Hey Momo! Hope you've been having a good school week and the spring weather is starting to kick in a bit better wherever you might be!
As far as your question, it's a good one! It comes up very often in Algebra 1, Algebra 2, and Pre-Calculus classes, as well as SAT and ACT exams!
To start, a lot of people ask why we have f(x) and g(x) notation in the first place when we cover a question like this. A good reason is that when you first start learning about functions, you only cover one function at a time (listed as y equals something). However, as you go further and further into more and more advanced math, you will cover 2, 3, or even more equations. This makes more sense then just calling every new function y, y, y, y, and y, so just know that going in!
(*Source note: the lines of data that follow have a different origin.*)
Lemma Dnd_ge0 N (al : nat -> R) : 0 <= Dnd N al.
Proof. by rewrite addr_ge0 ?sqr_ge0. Qed.

Lemma sqrt_Dnd_neq0 N (al : nat -> R) : Dnd N al != 0 -> Num.sqrt (Dnd N al) != 0.
Proof. by rewrite sqrtr_eq0 -ltNge lt_def => ->; rewrite Dnd_ge0. Qed.

Lemma expect_GHZ_factor n (al ph bl bp : nat -> R) : Dnd n.+1 al != 0 ->
  expect (GHZ R n.+1) (bbA n.+1 al ph *t bbB n.+1 bl bp) =
  Num.sqrt (Dnd n.+1 al) * (if odd n.+1 then sin (bl n.+1) else 1) *
  expect (psi_plus R) (A2 n.+1 al ph *t B2 n.+1 bl bp).
Proof.
move=> /sqrt_Dnd_neq0 sqrtD0.
rewrite /bbB /qubit_obs expect_GHZ /A2 /B2 /=.
by case: (odd n); rewrite /= expect_psi_plus; field.
Qed.

Lemma sqr_cos_sin_unit (a f : R) :
  (sin a * cos f) ^+ 2 + (sin a * sin f) ^+ 2 + cos a ^+ 2 = 1.
Proof. by rewrite !exprMn -mulrDr cos2Dsin2 mulr1 addrC cos2Dsin2. Qed.

Lemma expect_psi_plus_A2B2_le1 N (al ph bl bp : nat -> R) : Dnd N al != 0 ->
  `|expect (psi_plus R) (A2 N al ph *t B2 N bl bp)| <= 1.
Proof.
move=> D0.
have A2_unit : let eps := (Num.sqrt (Dnd N al))^-1 in
    (eps * (prod_sin N al * cos (betasum N ph))) ^+ 2
  + (eps * (prod_sin N al * sin (betasum N ph))) ^+ 2 + (eps * prod_cos N al) ^+ 2 = 1.
  rewrite /= !exprMn -!mulrDr cos2Dsin2 mulr1 exprVn sqr_sqrtr.
    by rewrite [_ + prod_cos _ _ ^+ 2]addrC -/(Dnd N al) mulVf.
  exact: Dnd_ge0.
rewrite /A2 /B2; case: ifP => _; apply: expect_psi_plus_le1 => //.
  by rewrite expr0n /= addr0 cos2Dsin2.
exact: sqr_cos_sin_unit.
Qed.

Lemma sqrt_Dnd_range N (al : nat -> R) : (1 < N)%N -> 0 <= Num.sqrt (Dnd N al) <= 1.
Proof.
case: N => [|[|n]] // _; rewrite sqrtr_ge0 -sqrtr1 ler_wsqrtr //.
by rewrite /Dnd; apply: sqr_prod_le1 => j; exact: cos2Dsin2.
Qed.

Lemma bob_factor_range N (bl : nat -> R) : 0 <= bl N <= pi ->
  0 <= (if odd N then sin (bl N) else 1) <= 1.
Proof.
by case: ifP => _ blN; rewrite ?ler01 ?lexx // sin_le1 sin_ge0_pi.
Qed.
End Correlations.

Lemma chsh_rescaled_expect (R : realType) d1 d2 e1 e2
    (psi : 'cV[R[i]]_(d1 * d2)) (phi : 'cV[R[i]]_(e1 * e2))
    (A : bool -> 'M[R[i]]_d1) (B : bool -> 'M[R[i]]_d2)
    (A' : bool -> 'M[R[i]]_e1) (B' : bool -> 'M[R[i]]_e2) (p q : bool -> R) :
  (forall a, 0 <= p a <= 1) -> (forall b, 0 <= q b <= 1) ->
  (forall a b, `|expect phi (A' a *t B' b)| <= 1) ->
  (forall a b, expect psi (A a *t B b) = p a * q b * expect phi (A' a *t B' b)) ->
  let I := chsh psi (A false) (A true) (B false) (B true) in
  let J := chsh phi (A' false) (A' true) (B' false) (B' true) in
  (2 < I -> I <= J) /\ (I < - 2 -> J <= I).
Proof. by move=> p01 q01 E'_le1 E_factor; rewrite /chsh !E_factor; apply: chsh_rescaled. Qed.

Theorem theorem1 (R : realType) (N : nat) (alpha phi alpha' phi' : nat -> R) :
  (3 <= N)%N ->
  (forall j, (1 <= j <= N)%N -> 0 <= alpha j <= pi) ->
  (forall j, (1 <= j <= N)%N -> 0 <= alpha' j <= pi) ->
  Dnd N alpha != 0 -> Dnd N alpha' != 0 ->
  (odd N -> sin (alpha N) != 0 /\ sin (alpha' N) != 0) ->
  (2 < I_N N alpha phi alpha' phi' ->
     I_N N alpha phi alpha' phi' <= I_2 N alpha phi alpha' phi') /\
  (I_N N alpha phi alpha' phi' < - 2 ->
     I_2 N alpha phi alpha' phi' <= I_N N alpha phi alpha' phi').
Proof.
move=> N_ge3 alpha_range alpha'_range D0 D0' _.
have N_gt1 : (1 < N)%N by apply: leq_trans N_ge3.
have N_range : (1 <= N <= N)%N by rewrite leqnn andbT ltnW.
have alphaN := alpha_range N N_range; have alpha'N := alpha'_range N N_range.
case: N {N_ge3 N_range alpha_range alpha'_range} N_gt1 D0 D0' alphaN alpha'N => // n.
move=> N_gt1 D0 D0' alphaN alpha'N.
pose al a := if a then alpha' else alpha; pose ph a := if a then phi' else phi.
apply: (chsh_rescaled_expect (A := fun a => bbA n.+1 (al a) (ph a))
  (B := fun b => bbB n.+1 (al b) (ph b)) (A' := fun a => A2 n.+1 (al a) (ph a))
  (B' := fun b => B2 n.+1 (al b) (ph b))
  (p := fun a => Num.sqrt (Dnd n.+1 (al a)))
  (q := fun b => if odd n.+1 then sin (al b n.+1) else 1)).
- by case; apply: sqrt_Dnd_range.
- by case; apply: bob_factor_range.
- by case=> b; apply: expect_psi_plus_A2B2_le1.
- by case=> b; apply: expect_GHZ_factor.
Qed.
(* For every integer $m\geq 1$, let \[F_m(q)=1+\sum_{k=1}^{m-1}(-1)^k\prod_{i=0}^{k-1}\left(\frac{1}{q^{m-1-i}}-1\right).\] Then, as formal Laurent series in $q$, \[\sum_{n=1}^{\infty}a_m(n)q^n=\frac{F_m(q)}{(q;q)_\infty}-\mathcal{D}_m,\] where $\mathcal{D}_m$ is the sum of the terms with exponent of $q$ less than or equal to $0$ in the Laurent expansion of $F_m(q)/(q;q)_\infty$.
   Context: $a_m(n)$ is the number of partitions of $n$ in which the smallest part occurs at least $m$ times. $(a;q)_\infty=\prod_{i\geq 0}(1-aq^i)$, so $1/(q;q)_\infty=\sum_{n\geq0}p(n)q^n$ with $p(n)$ the number of partitions of $n$. Empty sums are $0$ and empty products are $1$. *)

From HB Require Import structures.
From mathcomp Require Import all_boot all_order all_algebra fraction.
Set Implicit Arguments. Unset Strict Implicit. Unset Printing Implicit Defensive.
Import Order.TTheory GRing.Theory Num.Theory.
Local Open Scope ring_scope.

(* Partitions of n, encoded by multiplicities: f i = number of parts equal
   to i+1 (each multiplicity is necessarily <= n). *)
Definition is_partition (n : nat) (f : {ffun 'I_n -> 'I_n.+1}) : bool :=
  (\sum_(i < n) (i.+1 * f i))%N == n.

Definition npart (n : nat) : nat := #|[set f : {ffun 'I_n -> 'I_n.+1} | is_partition f]|.

Definition smallest_ge (m n : nat) (f : {ffun 'I_n -> 'I_n.+1}) : bool :=
  [exists i : 'I_n, (m <= f i)%N && [forall j : 'I_n, (j < i)%N ==> (f j == ord0)]].

Definition a_m (m n : nat) : nat :=
  #|[set f : {ffun 'I_n -> 'I_n.+1} | is_partition f && smallest_ge m f]|.

Definition Fq := {fraction {poly int}}.
Definition toF (p : {poly int}) : Fq := @FracField.tofrac _ p.
Definition qF : Fq := toF 'X.
Definition F_m (m : nat) : Fq :=
  1 + \sum_(1 <= k < m) (-1) ^+ k *
        \prod_(0 <= i < k) (qF ^- (m - 1 - i) - 1).

Definition pZ (n : int) : int := if (0 <= n) then (npart `|n|%N)%:Z else 0.
(* Let $\alpha>0$, $p=\frac{\alpha}{1+\alpha}$, and $q\in(p,1)$. Let $S_t=\sum_{i=1}^t\zeta_i$ where $\zeta_1,\zeta_2,\dots$ are i.i.d. with $\mathbb P(\zeta_i=1)=1-q$ and $\mathbb P(\zeta_i=-1/\alpha)=q$. Then $$\mathbb P\Big(\max_{t\ge1}S_t\le 0\Big)\ \le\ q\min\Big\{\frac{2(q-p)}{p(1-q)},\,1\Big\}.$$ *)

From HB Require Import structures.
From mathcomp Require Import all_boot all_order all_algebra.
From mathcomp Require Import all_classical all_reals all_analysis.
Set Implicit Arguments. Unset Strict Implicit. Unset Printing Implicit Defensive.
Import Order.TTheory GRing.Theory Num.Theory.
Local Open Scope classical_set_scope.
Local Open Scope ring_scope.

Definition mutually_independent d (T : measurableType d) (R : realType)
  (P : probability T R) (X : nat -> {RV P >-> R}) : Prop :=
  forall (I : seq nat) (B : nat -> set R),
    uniq I -> (forall i, measurable (B i)) ->
    P (\bigcap_(i in [set j | j \in I]) (X i @^-1` B i))
    = (\prod_(i <- I) P (X i @^-1` B i))%E.

From HB Require Import structures.
From mathcomp Require Import all_boot all_order all_algebra.
From mathcomp Require Import all_classical all_reals all_analysis.
From mathcomp Require Import ring lra.
Import Order.TTheory GRing.Theory Num.Theory.
Import numFieldNormedType.Exports.
Set Implicit Arguments. Unset Strict Implicit. Unset Printing Implicit Defensive.
Local Open Scope classical_set_scope.
Local Open Scope ring_scope.

(* Write a := 1/alpha, so each step of the walk is +1 with probability 1 - q
   and -a with probability q, and let A be the event that S_t <= 0 for all
   t >= 1.  The file proceeds in four parts.
   - An elementary inequality: e^(-ps) <= 1 - pc - p(1-p)c^2/2 with
     c = 1 - e^(-s), for 0 < p <= 1 and s >= 0 (tilt_gap_ge0).  With
     p = alpha/(1+alpha) and b = 2(q-p)/(p(1-q)) < 1 it yields a tilt theta
     with e^(-theta(1+a)) = 1 - b and rho = E[e^(theta zeta)] > 1.
   - The finite-horizon survival probability stay_prob q a n v of the walk
     started at v, defined by its one-step recursion.  An induction playing
     the role of optional stopping for e^(theta S_t) rho^(-t) gives
       stay_prob q a n.+1 0 <= q (1 - e^(-theta (1 + a)) + rho^-n),
     hence in the limit the bound q b; for b >= 1 the bound q is immediate.
   - Splitting A along the first n steps into cylinders (plus the null set
     where some step is neither +1 nor -a) and using independence gives
     P(A) <= stay_prob q a n 0 for every n.
   - The theorem combines the last two parts. *)

(* The difference of the two sides of e^(-ps) <= 1 - pc - p(1-p)c^2/2,
   c = 1 - e^(-s); it vanishes at s = 0 and is nondecreasing. *)
Definition tilt_gap {R : realType} (p s : R) : R :=
  1 - p * (1 - expR (- s)) - p * (1 - p) * (1 - expR (- s)) ^+ 2 / 2
  - expR (- (p * s)).

Lemma is_derive_tilt_gap (R : realType) (p x : R) :
  is_derive x 1 (tilt_gap p)
    (p * (expR (- (p * x)) - expR (- x) - (1 - p) * (1 - expR (- x)) * expR (- x))).
Proof.
have dE : is_derive x 1 (fun s : R => expR (- s)) (- expR (- x)).
  have := @is_derive1_comp R expR (fun s => - s) x (expR (- x)) (-1) _ _.
  by rewrite mulrN1; apply.
have dpx : is_derive x 1 (fun s : R => - (p * s)) (- p).
  apply: is_deriveN.
  by have := @is_deriveZ R R R id p x 1 1; rewrite scaler1; apply.
have dEp : is_derive x 1 (fun s : R => expR (- (p * s))) (- p * expR (- (p * x))).
  have := @is_derive1_comp R expR (fun s => - (p * s)) x _ _ (is_derive_expR _) dpx.
  by rewrite mulrC; apply.
pose E := fun s : R => expR (- s).
pose Ep := fun s : R => expR (- (p * s)).
have -> : tilt_gap p =
    cst 1 - p \*: (cst 1 - E) - (p * (1 - p) / 2) \*: (cst 1 - E) ^+ 2 - Ep.
  apply/funext => s; rewrite /tilt_gap /E /Ep /= !fctE /=.
  by rewrite /GRing.scale /=; ring.
apply: is_derive_eq.
by rewrite /E /= /GRing.scale /= /cst expr1 !fctE /=; field.
Qed.

Lemma tilt_gap_ge0 (R : realType) (p s : R) :
  0 < p -> p <= 1 -> 0 <= s -> 0 <= tilt_gap p s.
Proof.
move=> p0 p1 s0.
have -> : 0 = tilt_gap p 0.
  by rewrite /tilt_gap oppr0 mulr0 oppr0 expR0 subrr mulr0 expr0n /= mulr0
    mul0r !subr0 subrr.
apply: (@ger0_derive1_ndecr R (tilt_gap p) 0 s) => //.
- move=> x; rewrite in_itv /= => /andP[x0 _].
  rewrite derive1E (@derive_val _ _ _ _ _ _ _ (@is_derive_tilt_gap R p x)).
  (* e^(-px) = e^(-x) e^((1-p)x) and e^y >= 1 + y make the derivative >= 0 *)
  have -> : expR (- (p * x)) = expR (- x) * expR ((1 - p) * x).
    by rewrite -expRD; congr expR; ring.
  have e1 := expR_ge1Dx ((1 - p) * x).
  have e0 := expR_gt0 (- x).
  have lin : (1 - p) * (1 - expR (- x)) <= (1 - p) * x.
    by apply: ler_wpM2l; have := expR_ge1Dx (- x); lra.
  apply: mulr_ge0; first exact: ltW.
  have : 0 <= expR (- x) * (expR ((1 - p) * x) - 1 - (1 - p) * (1 - expR (- x))).
    by apply: mulr_ge0; [exact: ltW | lra].
  by nra.
- apply: continuous_subspaceT => x.
  apply/differentiable_continuous/derivable1_diffP.
  by case: (@is_derive_tilt_gap R p x).
Qed.

(* One takes theta = p s with e^(-s) = 1-b. *)
Lemma exists_tilt (R : realType) (alpha q p b : R) :
  0 < alpha -> p = alpha / (1 + alpha) -> p < q -> q < 1 ->
  b = 2 * (q - p) / (p * (1 - q)) -> b < 1 ->
  exists th : R, [/\ 0 <= th,
    1 < (1 - q) * expR th + q * expR (- (alpha^-1 * th)) &
    expR (- (th * (1 + alpha^-1))) = 1 - b].
Proof.
move=> a0 hp pq q1 hb b1; subst p b; set p := alpha / (1 + alpha) in pq b1 *.
set b := 2 * (q - p) / (p * (1 - q)) in b1 *.
have p0 : 0 < p by rewrite divr_gt0 //; lra.
have p1 : p < 1 by lra.
have ap : alpha^-1 * p = 1 - p by rewrite /p; field; lra.
have pa : p * (1 + alpha^-1) = 1 by rewrite /p; field; lra.
have b0 : 0 < b by rewrite /b; apply: divr_gt0; nra.
(* the quadratic term of the inequality beats the linear deficit q b - p b *)
have key : q * b < p * b + p * (1 - p) * b ^+ 2 / 2.
  have -> : p * (1 - p) * b ^+ 2 / 2 = b * ((1 - p) * ((q - p) / (1 - q))).
    by rewrite /b; field; repeat split; lra.
  have : q - p < (1 - p) * ((q - p) / (1 - q)).
    have -> : (1 - p) * ((q - p) / (1 - q)) = (q - p) + (q - p) * ((q - p) / (1 - q)).
      by field; lra.
    have : 0 < (q - p) / (1 - q) by apply: divr_gt0; lra.
    by nra.
  by nra.
pose s := - ln (1 - b).
have Es : expR (- s) = 1 - b by rewrite /s opprK lnK // posrE; lra.
have s0 : 0 <= s by rewrite /s oppr_ge0 ln_le0 //; lra.
exists (p * s); split; first exact: mulr_ge0 (ltW p0) s0.
- have G := @tilt_gap_ge0 R p s p0 (ltW p1) s0.
  rewrite /tilt_gap Es (_ : 1 - (1 - b) = b) in G; last by ring.
  have -> : expR (- (alpha^-1 * (p * s))) = expR (- s) * expR (p * s).
    by rewrite -expRD mulrA ap; congr expR; ring.
  have eY : expR (p * s) * expR (- (p * s)) = 1 by rewrite -expRD subrr expR0.
  have := expR_gt0 (p * s); have := expR_gt0 (- (p * s)).
  by rewrite Es; nra.
- by rewrite -mulrA (mulrC s) mulrA pa mul1r.
Qed.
So let's see. We still have a function written out as f(x)=x. g(x) is equivalent to this function moved up 5 units. This is usually referred to in most mathematics textbooks as a parent function and its transformation. Think of a parent function being the first equation mentioned (in this case, f(x)=x) and the transformation being the "child" equation that is a lot like the parent but not quite exactly the same.
For most equation transformations, all you need to do is usually write the function g(x) in terms of f(x), which is:
g(x) = f(x)
Anytime you are being asked to move it up 5 units, this merely involves literally just ADDING 5 (a stand-in for 5 units) in at the end of the equation:
g(x) = f(x) + 5
One of the easiest ways to check this is using a linear equation. Let's use f(x)=x+5. Here, the y-intercept is at 5 or (0,5).
If you plug in that equation into f(x) in the equivalence g(x)=f(x), then you get
g(x) = f(x) + 5
g(x) = (x+5) + 5
Notice that you can get rid of the parentheses right away and simplify.
g(x) = x + 5 + 5
g(x) = x + 10
Notice that the new y-intercept is 5 units above the original function! If you graph both equations out, you will notice that actually every single point on that infinite-length line is now 5 units up! You can also make sure to check this with your calculator or even websites like desmos.com or wolframalpha.com.
Happy math travels!